▶ Provided data
Lemma wdeg_le (R : fieldType) n (f : cube n -> R) : (wdeg f <= n)%N.
Proof.
apply/bigmax_leqP => S _.
by rewrite -[X in (_ <= X)%N](card_ord n) max_card.
Qed.

Lemma normr_natB_le (R : realDomainType) (a b n : nat) :
  (a <= n)%N -> (b <= n)%N -> `|a%:R - b%:R : R| <= n%:R.
Proof.
rewrite -!(ler_nat R) => ha hb; have := ler0n R a; have := ler0n R b.
by rewrite ler_norml; move: ha hb; set x := a%:R; set y := b%:R; set z := n%:R => *; lra.
Qed.

Lemma sum_ffun_comp (A B : finType) (U : nmodType) (F : (A -> B) -> U) (s : A -> A) :
  bijective s -> \sum_(k : {ffun A -> B}) F (k \o s) = \sum_(k : {ffun A -> B}) F k.
Proof.
case=> s' ss' s's.
have comp_inj : injective (fun k : {ffun A -> B} => [ffun x => k (s x)]).
  by move=> k1 k2 /ffunP eq12; apply/ffunP => x; have := eq12 (s' x); rewrite !ffunE s's.
rewrite [RHS](reindex_inj comp_inj); apply: eq_bigr => k _.
by congr F; apply/funext => x; rewrite ffunE.
Qed.

Section degree_gap.
Variables (R : fieldType) (d : nat) (Ti Ti' : cube d -> cube d).

Definition deg_gap (h : {ffun cube d -> R}) : R :=
  (wdeg (h \o Ti))%:R - (wdeg (h \o Ti'))%:R.

Definition embV (V : seq R) (k : {ffun cube d -> 'I_(size V)}) : {ffun cube d -> R} :=
  [ffun x => nth 0 V (k x)].

Lemma embV_inj V : uniq V -> injective (@embV V).
Proof.
move=> uV k1 k2 /ffunP eq12; apply/ffunP => x; apply: val_inj.
by have /eqP := eq12 x; rewrite !ffunE nth_uniq // => /eqP.
Qed.

Lemma sum_deg_gap_embV V : bijective Ti -> bijective Ti' ->
  \sum_k deg_gap (@embV V k) = 0.
Proof.
move=> bij bij'; rewrite sumrB.
have sum_comp (s : cube d -> cube d) : bijective s ->
    \sum_(k : {ffun cube d -> 'I_(size V)}) ((wdeg (embV k \o s))%:R : R) =
    \sum_(k : {ffun cube d -> 'I_(size V)}) (wdeg (fun x => nth 0 V (k x)))%:R.
  move=> bij_s; rewrite -(sum_ffun_comp
    (fun f : cube d -> 'I_(size V) => (wdeg (fun x => nth 0 V (f x)))%:R) bij_s).
  by apply: eq_bigr => k _; congr (_%:R); congr wdeg; apply/funext => x; rewrite /= ffunE.
by rewrite !sum_comp ?subrr.
Qed.

Lemma deghat_diff m (psi : cube d -> cube m) (Phi Phi' : cube m -> cube d)
    (G G' : nat -> cube d -> R) (H : nat -> {ffun cube d -> R}) n :
  cancel Ti (Phi \o psi) -> cancel Ti' (Phi' \o psi) ->
  (forall i z, G i (Phi (psi z)) = H i z) -> (forall i z, G' i (Phi' (psi z)) = H i z) ->
  (deghat G Phi n)%:R - (deghat G' Phi' n)%:R =
  \sum_(i < n) deg_gap (H i) +
  ((\sum_(j < d) wdeg (coord_fun R Phi j))%:R - (\sum_(j < d) wdeg (coord_fun R Phi' j))%:R).
Proof.
move=> TiK Ti'K HG HG'.
have transport (g : cube d -> R) h T Tinv : cancel Tinv T -> (forall z, g (T z) = h z) ->
    wdeg g = wdeg (h \o Tinv).
  by move=> K gh; congr wdeg; apply/funext => y /=; rewrite -gh K.
rewrite /deghat !natrD !natr_sum sumrB opprD addrACA.
congr (_ - _ + _); apply: eq_bigr => i _; congr (_%:R).
- exact: transport TiK (HG i).
- exact: transport Ti'K (HG' i).
Qed.

End degree_gap.

Lemma deg_gap_le (R : realFieldType) d (Ti Ti' : cube d -> cube d) h :
  `|deg_gap Ti Ti' h : R| <= d%:R.
Proof. by rewrite normr_natB_le ?wdeg_le. Qed.

Theorem theorem3 (R : realType) (d0 : measure_display) (Omega : measurableType d0)
  (P : probability Omega R)
  (m d : nat) (V : seq R) (psi : cube d -> cube m)
  (Phi Phi' : cube m -> cube d)
  (H : nat -> Omega -> {ffun cube d -> R})
  (G G' : nat -> Omega -> cube d -> R) :
  (1 <= d)%N -> (d <= m)%N ->
  uniq V -> (-1) \in V -> 1 \in V ->
  injective psi ->
  bijective (Phi \o psi) -> bijective (Phi' \o psi) ->
  (* each h_i' is a random element of F^d *)
  (forall i (f : {ffun cube d -> R}), measurable [set w | H i w = f]) ->
  (* uniformly distributed on F^d = functions {-1,1}^d -> V *)
  (forall i (f : {ffun cube d -> R}), (forall x, f x \in V) ->
     P [set w | H i w = f] = (((size V) ^ #|cube d|)%:R)^-1%:E) ->
  (* mutually independent *)
  (forall (s : seq nat) (f : nat -> {ffun cube d -> R}), uniq s ->
     P (\bigcap_(i in [set` s]) [set w | H i w = f i]) =
     (\prod_(i <- s) P [set w | H i w = f i])%E) ->
  (* g_i o Phi agrees with h_i = h_i' o psi^{-1} on X = psi(Z); likewise g_i' o Phi' *)
  (forall i w z, G i w (Phi (psi z)) = H i w z) ->
  (forall i w z, G' i w (Phi' (psi z)) = H i w z) ->
  {ae P, forall w,
     (fun n : nat => n%:R^-1 *
        ((deghat (G ^~ w) Phi n)%:R - (deghat (G' ^~ w) Phi' n)%:R) : R)
       @ \oo --> (0 : R)}.
Proof.
move=> _ _ uV _ V1 _ [Ti TK KT] [Ti' TK' KT'] H_meas H_unif H_indep HG HG'.
have V_gt0 : (0 < size V)%N by rewrite lt0n size_eq0; apply: contraTneq V1 => ->.
pose k0 : {ffun cube d -> 'I_(size V)} := [ffun=> Ordinal V_gt0].
have embV_unif i (k : {ffun cube d -> 'I_(size V)}) :
    P [set w | H i w = embV k] = (#|{ffun cube d -> 'I_(size V)}|%:R^-1)%:E.
  by rewrite H_unif ?card_ffun ?card_ord // => x; rewrite ffunE mem_nth.
set c : R := (\sum_(j < d) wdeg (coord_fun R Phi j))%:R -
             (\sum_(j < d) wdeg (coord_fun R Phi' j))%:R.
have := ae_cvg_mean_uniform k0 (embV_inj uV) H_meas embV_unif H_indep
  (@deg_gap_le _ _ Ti Ti') (sum_deg_gap_embV V (Bijective KT TK) (Bijective KT' TK')) c.
apply: filterS => w cvg_w.
rewrite (eq_cvg _ _ (g := fun n => n%:R^-1 * (\sum_(i < n) deg_gap Ti Ti' (H i w) + c))) //.
by move=> n; congr (_ * _); exact: deghat_diff n KT KT' (fun i => HG i w) (fun i => HG' i w).
Qed.
(* Let $n\ge4$, let $C=\mathrm{circ}(1,0,\ldots,0,1)$ of order $n-1$, let $X=2(CC^T+I_{n-1})^{-1}\left[ (n-1)I_{n-1}-J_{n-1}\right]$ and $Y=J_{n-1}+C^TX$. Then $Y=\mathrm{circ}(d_0,d_1,\ldots,d_{n-2})$ where \[d_0=\frac{1}{5}+\frac{4(n-1)}{\sqrt{5}}\left[\frac{2^{n-2}+(-3+\sqrt{5})^{n-2}}{2^{n-1}-(-3+\sqrt{5})^{n-1}} -\frac{2^{n-2}+(-3-\sqrt{5})^{n-2}}{2^{n-1}-(-3-\sqrt{5})^{n-1}}\right]\] and for $j=1,2,\ldots,n-2$, \[d_j=\frac{1}{5}+\frac{2^{n+1-j}(n-1)}{5+\sqrt{5}}\left[\frac{2(-3+\sqrt{5})^{j-1}}{2^{n-1}-(-3+\sqrt{5})^{n-1}} -\frac{(-3-\sqrt{5})^{j}}{2^{n-1}-(-3-\sqrt{5})^{n-1}}\right].\]
   Context: For $c_0,\dots,c_{k-1}$, $\mathrm{circ}(c_0,\ldots,c_{k-1})$ denotes the $k\times k$ circulant matrix whose $(i,j)$-entry is $c_{(j-i)\bmod k}$. $J_{n-1}$ is the $(n-1)\times(n-1)$ all-ones matrix and $I_{n-1}$ the identity. Note $CC^T+I_{n-1}=\mathrm{circ}(3,1,0,\ldots,0,1)$ is invertible. ($X,Y$ are blocks of the Moore–Penrose inverse of the incidence matrix of the wheel graph $W_n$.) *)

From HB Require Import structures.
From mathcomp Require Import all_boot all_order all_algebra.
Set Implicit Arguments. Unset Strict Implicit. Unset Printing Implicit Defensive.
Import Order.TTheory GRing.Theory Num.Theory.
Local Open Scope ring_scope.

Definition circ {R : Type} (k : nat) (c : nat -> R) : 'M[R]_k :=
  \matrix_(i < k, j < k) c ((j + k - i) %% k)%N.

Definition wheel_c {R : pzRingType} (k : nat) (m : nat) : R :=
  if (m == 0)%N || (m == k.-1)%N then 1 else 0.

Definition Jmx {R : pzRingType} (k : nat) : 'M[R]_k := const_mx 1.

From HB Require Import structures.
From mathcomp Require Import all_boot all_order all_algebra.
From mathcomp Require Import zify ring lra.
Import Order.TTheory GRing.Theory Num.Theory.
Local Open Scope ring_scope.
Set Implicit Arguments. Unset Strict Implicit.

(* A = C C^T + I is the circulant circ(3,1,0,...,0,1): on a circulant with generator z
   it acts as z_t |-> 3 z_t + z_(t-1) + z_(t+1) over Z/kZ, while C^T acts as
   z_t |-> z_t + z_(t-1).  So X is the circulant whose generator solves
   3 z_t + z_(t-1) + z_(t+1) = 2 (k [t = 0] - 1).  Away from t = 0 this is a linear
   recurrence with characteristic roots rho, sigma = (-3 +- sqrt 5)/2 of x^2 + 3x + 1,
   and -2/5 + 2k/sqrt 5 (rho^t/(1 - rho^k) - sigma^t/(1 - sigma^k)) solves it; this
   sequence is k-periodic except for a jump of 2k at t = 0, which is exactly the source
   term.  The same identity gives A (X + 2/5 J) = 2k I, so A is invertible.  Then
   Y = J + C^T X has generator 1 + z_t + z_(t-1), which is d_t once -3 +- sqrt 5 is
   written as 2 rho, 2 sigma. *)

(* Indices live in 'I_p.+2, the ring Z/kZ with k = p.+2 >= 2, so that the shifts
   i +- 1 and the differences j - i of circulant matrices are computed modulo k. *)
Section ZpIndex.
Variable p : nat.

Lemma val_Zp_sub (i j : 'I_p.+2) : (j - i : 'I_p.+2) = ((j + p.+2 - i) %% p.+2)%N :> nat.
Proof. by rewrite /= modnDmr addnBA // ltnW. Qed.

Lemma val_Zp1 : (1 : 'I_p.+2) = 1%N :> nat.
Proof. by rewrite /= modn_small. Qed.

Lemma val_ZpN1 : (-1 : 'I_p.+2) = p.+1 :> nat.
Proof. by rewrite /= (modn_small (_ : 1 < p.+2)%N) // modn_small. Qed.

Lemma eq_ZpN1 (t : 'I_p.+2) : (t == -1) = (t == p.+1 :> nat).
Proof. by rewrite -val_eqE /= (modn_small (_ : 1 < p.+2)%N) // subSS subn0 modn_small. Qed.

Lemma val_Zp_sub1 (t : 'I_p.+2) : t != 0 -> (t - 1 : 'I_p.+2) = t.-1 :> nat.
Proof.
rewrite val_Zp_sub val_Zp1 -val_eqE /= => t0.
have {}t0 : (0 < t)%N by rewrite lt0n.
have -> : (t + p.+2 - 1 = t.-1 + p.+2)%N by lia.
by rewrite modnDr modn_small //; have := ltn_ord t; lia.
Qed.

Lemma val_Zp_add1 (t : 'I_p.+2) : t != -1 -> (t + 1 : 'I_p.+2) = t.+1 :> nat.
Proof.
rewrite eq_ZpN1 /= (modn_small (_ : 1 < p.+2)%N) // => t0.
by rewrite addn1 modn_small //; have := ltn_ord t; lia.
Qed.

End ZpIndex.

Section Circulant.
Variables (R : pzRingType) (p : nat).
Local Notation k := p.+2.
Implicit Types (f g : 'I_k -> R).
Definition sub_dom (u : sub_mor) : sub_ob := exist _ (dom (proj1_sig u)) (proj2_sig u).
Definition sub_cod (u : sub_mor) : sub_ob :=
  exist _ (cod (proj1_sig u)) (S_cod _ (proj2_sig u)).
Definition sub_idm (x : sub_ob) : sub_mor :=
  exist _ (idm (proj1_sig x)) (eq_ind_r S (proj2_sig x) (dom_idm _)).
Definition sub_comp (q p : sub_mor) (H : sub_cod p = sub_dom q) : sub_mor :=
  exist _ (comp (proj1_sig q) (proj1_sig p) (f_equal (@proj1_sig _ _) H))
    (eq_ind_r S (proj2_sig p) (dom_comp _ _ _)).

Definition sub_cat : Cat.
Proof.
  refine {| Ob := sub_ob; Mor := sub_mor; dom := sub_dom; cod := sub_cod;
            idm := sub_idm; comp := sub_comp |}.
  - intros [x px]; apply sig_eq; apply dom_idm.
  - intros [x px]; apply sig_eq; apply cod_idm.
  - intros [g pg] [f pf] H; apply sig_eq; apply dom_comp.
  - intros [g pg] [f pf] H; apply sig_eq; apply cod_comp.
  - intros [f pf] H; apply sig_eq; apply comp_idl.
  - intros [f pf] H; apply sig_eq; apply comp_idr.
  - intros [h ph] [g pg] [f pf] H1 H2 H3 H4; apply sig_eq; apply comp_assoc.
Defined.

Definition sub_incl_functor : Functor sub_cat B.
Proof.
  refine {| fo := fun x : Ob sub_cat => proj1_sig x; fm := fun u : Mor sub_cat => proj1_sig u |};
    try reflexivity.
  intros; simpl; apply comp_congr; reflexivity.
Defined.

Definition sub_incl : Lens sub_cat B.
Proof.
  refine {| get := sub_incl_functor;
            put := fun (x : Ob sub_cat) xi =>
              (exist _ (proj1_sig xi) (eq_ind_r S (proj2_sig x) (proj2_sig xi)) : Mor sub_cat) |}.
  - intros x xi; apply sig_eq; exact (proj2_sig xi).
  - reflexivity.
  - intros; apply sig_eq; reflexivity.
  - intros; apply sig_eq; simpl; apply comp_congr; reflexivity.
Defined.

Lemma sub_incl_mono : lens_mono sub_incl.
Proof.
  intros X g h E; apply lens_ext.
  - intro a; apply sig_eq; exact (lens_eq_fo E a).
  - intro f; apply sig_eq; exact (lens_eq_fm E f).
  - intros a x H1 H2.
    pose proof (lens_eq_put E a (proj1_sig x) (f_equal (@proj1_sig _ _) H1)
                  (f_equal (@proj1_sig _ _) H2)) as P; simpl in P.
    etransitivity; [|etransitivity; [exact P|]];
      apply put_congr; try reflexivity; apply sig_eq; reflexivity.
Qed.

Variables (A : Cat) (e : Lens A B).
Hypothesis S_image : forall a, S (fo (get e) a).

Definition sub_corestrict_functor : Functor A sub_cat.
Proof.
  refine {| fo := fun a => (exist _ (fo (get e) a) (S_image a) : Ob sub_cat);
            fm := fun u => (exist _ (fm (get e) u)
                              (eq_ind_r S (S_image (dom u)) (fm_dom _ u)) : Mor sub_cat) |}.
  - intro f; apply sig_eq; apply fm_dom.
  - intro f; apply sig_eq; apply fm_cod.
  - intro f; apply sig_eq; apply fm_idm.
  - intros; apply sig_eq; apply fm_comp.
Defined.

Definition sub_corestrict : Lens A sub_cat.
Proof.
  refine {| get := sub_corestrict_functor;
            put := fun a xi => put e a (exist _ (proj1_sig (proj1_sig xi))
                                  (f_equal (@proj1_sig _ _) (proj2_sig xi))) |}.
  - intros; apply put_dom.
  - intros; apply sig_eq; apply put_get.
  - intros; rewrite <- (put_idm e a (dom_idm _)); apply put_congr; reflexivity.
  - intros; eapply put_comp_eq; reflexivity.
Defined.

Lemma sub_incl_corestrict : lcomp sub_incl sub_corestrict = e.
Proof.
  apply lens_ext; try reflexivity.
  intros; simpl; apply put_congr; reflexivity.
Qed.

End CodClosedSubcategory.

Lemma left_orth_monos_ob_surj {A B} (e : Lens A B) :
  (forall C D (m : Lens C D), lens_mono m -> lens_left_orth e m) -> lens_ob_surj e.
Proof.
  intros Horth b.
  set (S := fun b => exists a, fo (get e) a = b).
  pose proof (lens_image_cod_closed e) as S_cod.
  assert (S_image : forall a, S (fo (get e) a)) by (intro a; exists a; reflexivity).
  assert (square : lcomp (id_lens B) e
                   = lcomp (sub_incl B S S_cod) (sub_corestrict B S S_cod A e S_image))
    by (rewrite lcomp_id_l, sub_incl_corestrict; reflexivity).
  destruct (Horth _ _ _ (sub_incl_mono B S S_cod) _ _ square) as [h [[_ Hh] _]].
  pose proof (lens_eq_fo Hh b) as Eb; simpl in Eb.
  rewrite <- Eb; exact (proj2_sig (fo (get h) b)).
Qed.

Section Doubling.
Variables (B : Cat) (U : Ob B -> bool).
Hypothesis U_cod : forall u : Mor B, U (dom u) = true -> U (cod u) = true.

Definition mark (k : bool) (b : Ob B) : bool := andb k (negb (U b)).

Lemma mark_true k b : mark k b = true -> U b = false.
Proof. unfold mark; destruct k, (U b); simpl; congruence. Qed.

Lemma mark_fixed k b : (k = true -> U b = false) -> mark k b = k.
Proof. unfold mark; destruct k, (U b); simpl; intuition congruence. Qed.

Lemma mark_mark k u : mark (mark k (dom u)) (cod u) = mark k (cod u).
Proof.
  unfold mark; pose proof (U_cod u) as Hu.
  destruct k, (U (dom u)), (U (cod u)); simpl; intuition congruence.
Qed.

(* Two copies of [B] glued along [U]: the flag [true] (second copy) is allowed
   only outside [U], and [mark] drops it when a morphism enters [U]. *)
Definition dbl_ob := {p : Ob B * bool | snd p = true -> U (fst p) = false}.
Definition dbl_mor := {p : Mor B * bool | snd p = true -> U (dom (fst p)) = false}.
(* Let $M\ge 2$ be an integer, $\kappa\ge 0$, $\beta>0$, $\phi\in[0,2\pi]$ and $\bm{\psi}=(\psi_1,\dots,\psi_{M-1})\in[0,2\pi]^{M-1}$ be fixed (deterministic), and let $\mathbf{R}\in\mathbb{R}^{M\times M}$ be a real symmetric positive semidefinite matrix with $R_{\scriptscriptstyle\sum}:=\mathbf{1}^T\mathbf{R}\,\mathbf{1}>0$. For $t\in\{1,\dots,M-1\}$ put $\Phi_t=-t\pi\sin\phi$, and define the vectors $\bm{\omega}_x,\bm{\omega}_y\in\mathbb{R}^M$ by $$\bm{\omega}_{x}=\big[1,\ \cos(\Phi_1+\psi_1)-\sin(\Phi_1+\psi_1),\ \dots,\ \cos(\Phi_{M-1}+\psi_{M-1})-\sin(\Phi_{M-1}+\psi_{M-1})\big]^T,$$ $$\bm{\omega}_{y}=\big[1,\ \cos(\Phi_1+\psi_1)+\sin(\Phi_1+\psi_1),\ \dots,\ \cos(\Phi_{M-1}+\psi_{M-1})+\sin(\Phi_{M-1}+\psi_{M-1})\big]^T.$$ Let $\mathbf{h}_x,\mathbf{h}_y$ be independent real Gaussian random vectors with $\mathbf{h}_x\sim\mathcal{N}\big(\sqrt{\tfrac{\kappa}{2(\kappa+1)}}\,\bm{\omega}_x,\ \tfrac{1}{2(\kappa+1)}\mathbf{R}\big)$ and $\mathbf{h}_y\sim\mathcal{N}\big(\sqrt{\tfrac{\kappa}{2(\kappa+1)}}\,\bm{\omega}_y,\ \tfrac{1}{2(\kappa+1)}\mathbf{R}\big)$, and let $\mathbf{h}^*=\mathbf{h}_x+\mathbbm{i}\,\mathbf{h}_y\in\mathbb{C}^M$. Define the random variable $$\xi^{\mathrm{rf}}_{\mathrm{aa-ss}}=\frac{\beta}{M}\big|\mathbf{1}^T\mathbf{h}^*\big|^2 .$$ Then $$\xi^{\mathrm{rf}}_{\mathrm{aa-ss}}\sim \frac{\beta R_{\scriptscriptstyle\sum}}{2(\kappa+1)M}\,\chi^2\Big(2,\ \frac{2\kappa f(\bm{\psi},\phi)}{R_{\scriptscriptstyle\sum}}\Big),$$ where $f(\bm{\psi},\phi)=\upsilon_1(\bm{\psi},\phi)^2+\upsilon_2(\bm{\psi},\phi)^2$ with $$\upsilon_1(\bm{\psi},\phi)=1+\sum_{t=1}^{M-1}\cos(\psi_t+\Phi_t),\qquad \upsilon_2(\bm{\psi},\phi)=\sum_{t=1}^{M-1}\sin(\psi_t+\Phi_t).$$
   Context: $\mathbf{1}$ denotes the all-ones vector of length $M$ and $\mathbbm{i}=\sqrt{-1}$. $\mathcal{N}(\bm{\mu},\mathbf{C})$ denotes a real Gaussian random vector with mean $\bm{\mu}$ and covariance matrix $\mathbf{C}$. $\chi^2(m,n)$ denotes a non-central chi-squared random variable with $m$ degrees of freedom and non-centrality parameter $n$ (i.e. the distribution of $\sum_{k=1}^m Z_k^2$ with $Z_k$ independent, $Z_k\sim\mathcal{N}(\mu_k,1)$ and $\sum_k\mu_k^2=n$), and $X\sim c\,\chi^2(m,n)$ means $X$ has the distribution of $c$ times such a variable. Interpretation (not needed for the statement): $\mathbf{h}^*$ is the phase-adjusted Rician-fading channel vector from an $M$-antenna power beacon (half-wavelength uniform linear array, azimuth angle $\phi$, preventive phase shifts $\psi_t$, Rician factor $\kappa$, spatial correlation $\mathbf{R}$) to a single-antenna receiver, and $\xi^{\mathrm{rf}}_{\mathrm{aa-ss}}$ is the incident RF power when all antennas transmit the same signal with equal power $\beta/M$. *)

From HB Require Import structures.
From mathcomp Require Import all_boot all_order all_algebra.
From mathcomp Require Import all_classical all_reals all_analysis.
Set Implicit Arguments. Unset Strict Implicit. Unset Printing Implicit Defensive.
Import Order.TTheory GRing.Theory Num.Theory.
Local Open Scope classical_set_scope.
Local Open Scope ring_scope.

(* Real Gaussian law N(m, v) with variance v >= 0; v = 0 is the degenerate
   (Dirac) Gaussian.  normal_prob takes the standard deviation. *)
Definition is_normal {R : realType} (d : measure_display) (T : measurableType d)
  (P : probability T R) (X : T -> R) (m v : R) : Prop :=
  measurable_fun setT X /\
  forall B : set R, measurable B ->
    P (X @^-1` B) = (if v == 0 then \d_m B else normal_prob m (Num.sqrt v) B).

Definition is_gaussian_vector {R : realType} (d : measure_display)
  (T : measurableType d) (P : probability T R) (n : nat)
  (X : 'I_n -> T -> R) (mu : 'I_n -> R) (C : 'M[R]_n) : Prop :=
  forall a : 'I_n -> R,
    is_normal P (fun w => \sum_i a i * X i w) (\sum_i a i * mu i)
      (\sum_i \sum_j a i * C i j * a j).

(* Independence of the random vectors X and Y (independence of the
   sigma-algebras they generate, tested on the generating pi-system of
   measurable rectangles). *)
Definition indep_vectors {R : realType} (d : measure_display)
  (T : measurableType d) (P : probability T R) (n k : nat)
  (X : 'I_n -> T -> R) (Y : 'I_k -> T -> R) : Prop :=
  forall (A : 'I_n -> set R) (B : 'I_k -> set R),
    (forall i, measurable (A i)) -> (forall j, measurable (B j)) ->
    P ([set w | forall i, A i (X i w)] `&` [set w | forall j, B j (Y j w)]) =
    (P [set w | forall i, A i (X i w)] * P [set w | forall j, B j (Y j w)])%E.

Definition mutually_indep {R : realType} (d : measure_display)
  (T : measurableType d) (P : probability T R) (m : nat)
  (Z : 'I_m -> T -> R) : Prop :=
  forall A : 'I_m -> set R, (forall i, measurable (A i)) ->
    P [set w | forall i, A i (Z i w)] = (\big[mule/1%E]_i P (Z i @^-1` A i))%E.

Definition has_scaled_ncchi2_law {R : realType} (d : measure_display)
  (T : measurableType d) (P : probability T R) (X : T -> R)
  (c : R) (m : nat) (n : R) : Prop :=
  exists (d' : measure_display) (T' : measurableType d') (Q : probability T' R)
         (Z : 'I_m -> T' -> R) (mu : 'I_m -> R),
    [/\ mutually_indep Q Z,
        (forall k, is_normal Q (Z k) (mu k) 1),
        \sum_k mu k ^+ 2 = n &
        forall B : set R, measurable B ->
          P (X @^-1` B) = Q ((fun w => c * \sum_k Z k w ^+ 2) @^-1` B)].

Definition Phi {R : realType} (phi : R) (t : nat) : R := - (t%:R * pi * sin phi).

Definition omega_x {R : realType} (M : nat) (phi : R) (psi : nat -> R) (i : 'I_M) : R :=
  if (i : nat) == 0%N then 1
  else cos (Phi phi i + psi i) - sin (Phi phi i + psi i).

Definition omega_y {R : realType} (M : nat) (phi : R) (psi : nat -> R) (i : 'I_M) : R :=
  if (i : nat) == 0%N then 1
  else cos (Phi phi i + psi i) + sin (Phi phi i + psi i).

Definition upsilon1 {R : realType} (M : nat) (psi : nat -> R) (phi : R) : R :=
  1 + \sum_(1 <= t < M) cos (psi t + Phi phi t).

Definition upsilon2 {R : realType} (M : nat) (psi : nat -> R) (phi : R) : R :=
  \sum_(1 <= t < M) sin (psi t + Phi phi t).

Definition f_psi_phi {R : realType} (M : nat) (psi : nat -> R) (phi : R) : R :=
  upsilon1 M psi phi ^+ 2 + upsilon2 M psi phi ^+ 2.

Definition Rsum {R : realType} (M : nat) (Rm : 'M[R]_M) : R :=
  \sum_i \sum_j Rm i j.

(* xi = beta/M * |1^T (hx + i hy)|^2 = beta/M * ((sum hx)^2 + (sum hy)^2) *)
Definition xi_aa_ss {R : realType} (T : Type) (M : nat) (beta : R)
  (hx hy : 'I_M -> T -> R) (w : T) : R :=
  beta / M%:R * ((\sum_i hx i w) ^+ 2 + (\sum_i hy i w) ^+ 2).

From HB Require Import structures.
From mathcomp Require Import all_boot all_order all_algebra.
From mathcomp Require Import all_classical all_reals all_analysis.
From mathcomp Require Import ring.
Import Order.TTheory GRing.Theory Num.Theory.
Local Open Scope classical_set_scope.
Local Open Scope ring_scope.

(* The sums S_x = 1^T h_x and S_y = 1^T h_y are real Gaussians with means
   proportional to upsilon1 -+ upsilon2 and the common variance
   R_sum / (2 (kappa + 1)) =: s^2; they are independent because h_x and h_y
   are.  Hence xi = (beta s^2 / M) ((S_x / s)^2 + (S_y / s)^2) is a scaled
   chi^2 with two degrees of freedom, whose non-centrality is
   kappa ((upsilon1 - upsilon2)^2 + (upsilon1 + upsilon2)^2) / R_sum
   = 2 kappa f / R_sum. *)

Definition indep2 {R : realType} {d : measure_display} {T : measurableType d}
    (P : probability T R) (U V : T -> R) : Prop :=
  forall A B : set R, measurable A -> measurable B ->
    P (U @^-1` A `&` V @^-1` B) = (P (U @^-1` A) * P (V @^-1` B))%E.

▶ Work to be completed
Search the listing above for the string "bool" and copy each line that has it.

▶ Exercise solution
Variables (B : Cat) (U : Ob B -> bool).
Definition mark (k : bool) (b : Ob B) : bool := andb k (negb (U b)).
Definition dbl_ob := {p : Ob B * bool | snd p = true -> U (fst p) = false}.
Definition dbl_mor := {p : Mor B * bool | snd p = true -> U (dom (fst p)) = false}.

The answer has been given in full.